◆ Task objective
The lines from the first line of the entries through the line containing "Proof. by elim: ps => [|p" are to be repeated exactly, with both of those lines included.

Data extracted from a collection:
Fixpoint sum_progs (ps : seq rec) : rec :=
  if ps is p :: ps' then C add_rec [:: p; sum_progs ps'] else RZero.
Lemma sum_progsE ps xs : peval (sum_progs ps) xs = sumn [seq peval p xs | p <- ps].
Proof. by elim: ps => [|p ps IH] /=; peval_simpl; rewrite ?add_recE ?IH. Qed.
Lemma sum_progs_safe ps : all (prim_safe false) ps -> prim_safe false (sum_progs ps).
Proof. by elim: ps => //= p ps IH /andP[-> /IH ->]. Qed.

Definition forall_rec bound n body :=
  C eq0_rec [:: C (sum_rec (C eq0_rec [:: body])) (bound :: map P (iota 0 n))].
Lemma forall_recE bound n body xs (F : nat -> bool) :
  size xs = n -> (forall j a, peval body (j :: a :: xs) = F j) ->
  peval (forall_rec bound n body) xs = [forall j : 'I_(peval bound xs), F j].
Proof.
move=> size_xs bodyE; rewrite /forall_rec; peval_simpl.
have -> : map (peval^~ xs) (map P (iota 0 n)) = xs.
  by rewrite -map_comp -size_xs -[RHS](mkseq_nth 0).
rewrite (@sum_recE _ (fun j => ~~ F j)) => [|j a]; last by peval_simpl; rewrite bodyE eq0_recE eqb0.
rewrite eq0_recE sum_nat_eq0.
by congr (nat_of_bool _); apply: eq_forallb => j; case: (F j).
Qed.

(** * Cantor pairing *)

Definition tri s := \sum_(i < s.+1) i.
Definition diag n := \sum_(i < n) (tri i.+1 <= n).
Definition unpair2 n := n - tri (diag n).
Definition unpair1 n := diag n - unpair2 n.

Lemma triS s : tri s.+1 = tri s + s.+1.
Proof. by rewrite /tri big_ord_recr. Qed.
Lemma leq_tri : {homo tri : a b / a <= b}.
Proof. by apply: homo_leq => [//|b a c|n]; [apply: leq_trans | rewrite triS leq_addr]. Qed.
Lemma leq_self_tri s : s <= tri s.
Proof. by elim: s => // s IH; rewrite triS addnS ltnS leq_addl. Qed.
Lemma npair_tri a b : npair a b = tri (a + b) + b.
Proof.
have -> : tri (a + b) = 'C((a + b).+1, 2) by rewrite /tri -bin2_sum big_mkord.
by rewrite /npair bin2 /= -divn2 mulnC.
Qed.

Lemma diag_npair a b : diag (npair a b) = a + b.
Proof.
rewrite /diag npair_tri; set n := tri (a + b) + b.
have below i : (tri i.+1 <= n) = (i < a + b).
  case: ltnP => [lt_i|le_i]; first exact: leq_trans (leq_tri lt_i) (leq_addr _ _).
  apply/negbTE; rewrite -ltnNge /n; apply: leq_trans (leq_tri (le_i : (a + b).+1 <= i.+1)).
  by rewrite triS ltn_add2l ltnS leq_addl.
have le_ab_n : a + b <= n by apply: leq_trans (leq_self_tri _) (leq_addr _ _).
rewrite (eq_bigr (fun i : 'I_n => (i < a + b) : nat)) => [|i _]; last by rewrite below.
rewrite -(big_mkord xpredT (fun i => (i < a + b) : nat)) (big_cat_nat (leq0n _) le_ab_n) /=.
have -> : \sum_(0 <= i < a + b) (i < a + b : nat) = a + b.
  rewrite big_nat_cond (eq_bigr (fun=> 1)) => [|i /andP[/andP[_ ->]]] //.
  by rewrite -big_nat_cond sum_nat_const_nat subn0 muln1.
rewrite big_nat_cond big1 ?addn0 // => i /andP[/andP[le_i _] _].
by rewrite ltnNge le_i.
Qed.

Lemma npairK2 a b : unpair2 (npair a b) = b.
Proof. by rewrite /unpair2 diag_npair npair_tri addKn. Qed.
Lemma npairK1 a b : unpair1 (npair a b) = a.
Proof. by rewrite /unpair1 npairK2 diag_npair addnK. Qed.
Lemma npair_inj a b c d : npair a b = npair c d -> a = c /\ b = d.
Proof.
by move=> e; split; [rewrite -(npairK1 a b) e npairK1 | rewrite -(npairK2 a b) e npairK2].
Qed.

Lemma leq_npair a a' b b' : a <= a' -> b <= b' -> npair a b <= npair a' b'.
Proof. by move=> le_a le_b; rewrite !npair_tri leq_add // leq_tri // leq_add. Qed.
Lemma leq_npairl a b : a <= npair a b.
Proof.
by rewrite npair_tri (leq_trans (leq_addr b a)) // (leq_trans (leq_self_tri _)) ?leq_addr.
Qed.
Lemma leq_npairr a b : b <= npair a b.
Proof. by rewrite npair_tri leq_addl. Qed.
Lemma ltn_npairr a b : 0 < a -> b < npair a b.
Proof.
move=> a_gt0; rewrite npair_tri -[ltnLHS]add0n ltn_add2r.
by apply: leq_trans (leq_self_tri _); rewrite addn_gt0 a_gt0.
Qed.

Definition tri_rec := C (sum_rec (P 0)) [:: C RSucc [:: P 0]].
Lemma tri_recE s : peval tri_rec [:: s] = tri s.
Proof. by rewrite /tri_rec; peval_simpl; rewrite (@sum_recE _ id) // => i a; peval_simpl. Qed.

Definition npair_rec := C add_rec [:: C tri_rec [:: C add_rec [:: P 0; P 1]]; P 1].
Lemma npair_recE a b : peval npair_rec [:: a; b] = npair a b.
Proof. by rewrite /npair_rec; peval_simpl; rewrite !add_recE tri_recE npair_tri. Qed.

Definition diag_rec :=
  C (sum_rec (C leq_rec [:: C tri_rec [:: C RSucc [:: P 0]]; P 2])) [:: P 0; P 0].
Lemma diag_recE n : peval diag_rec [:: n] = diag n.
Proof.
rewrite /diag_rec; peval_simpl.
by rewrite (@sum_recE _ (fun i => tri i.+1 <= n)) // => i a; peval_simpl; rewrite tri_recE leq_recE.
Qed.

Definition unpair2_rec := C sub_rec [:: P 0; C tri_rec [:: C diag_rec [:: P 0]]].
Lemma unpair2_recE n : peval unpair2_rec [:: n] = unpair2 n.
Proof. by rewrite /unpair2_rec; peval_simpl; rewrite diag_recE tri_recE sub_recE. Qed.

Definition unpair1_rec := C sub_rec [:: C diag_rec [:: P 0]; C unpair2_rec [:: P 0]].
Lemma unpair1_recE n : peval unpair1_rec [:: n] = unpair1 n.
Proof. by rewrite /unpair1_rec; peval_simpl; rewrite diag_recE unpair2_recE sub_recE. Qed.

◆ Response
Fixpoint sum_progs (ps : seq rec) : rec :=
  if ps is p :: ps' then C add_rec [:: p; sum_progs ps'] else RZero.
Lemma sum_progsE ps xs : peval (sum_progs ps) xs = sumn [seq peval p xs | p <- ps].
Proof. by elim: ps => [|p ps IH] /=; peval_simpl; rewrite ?add_recE ?IH. Qed.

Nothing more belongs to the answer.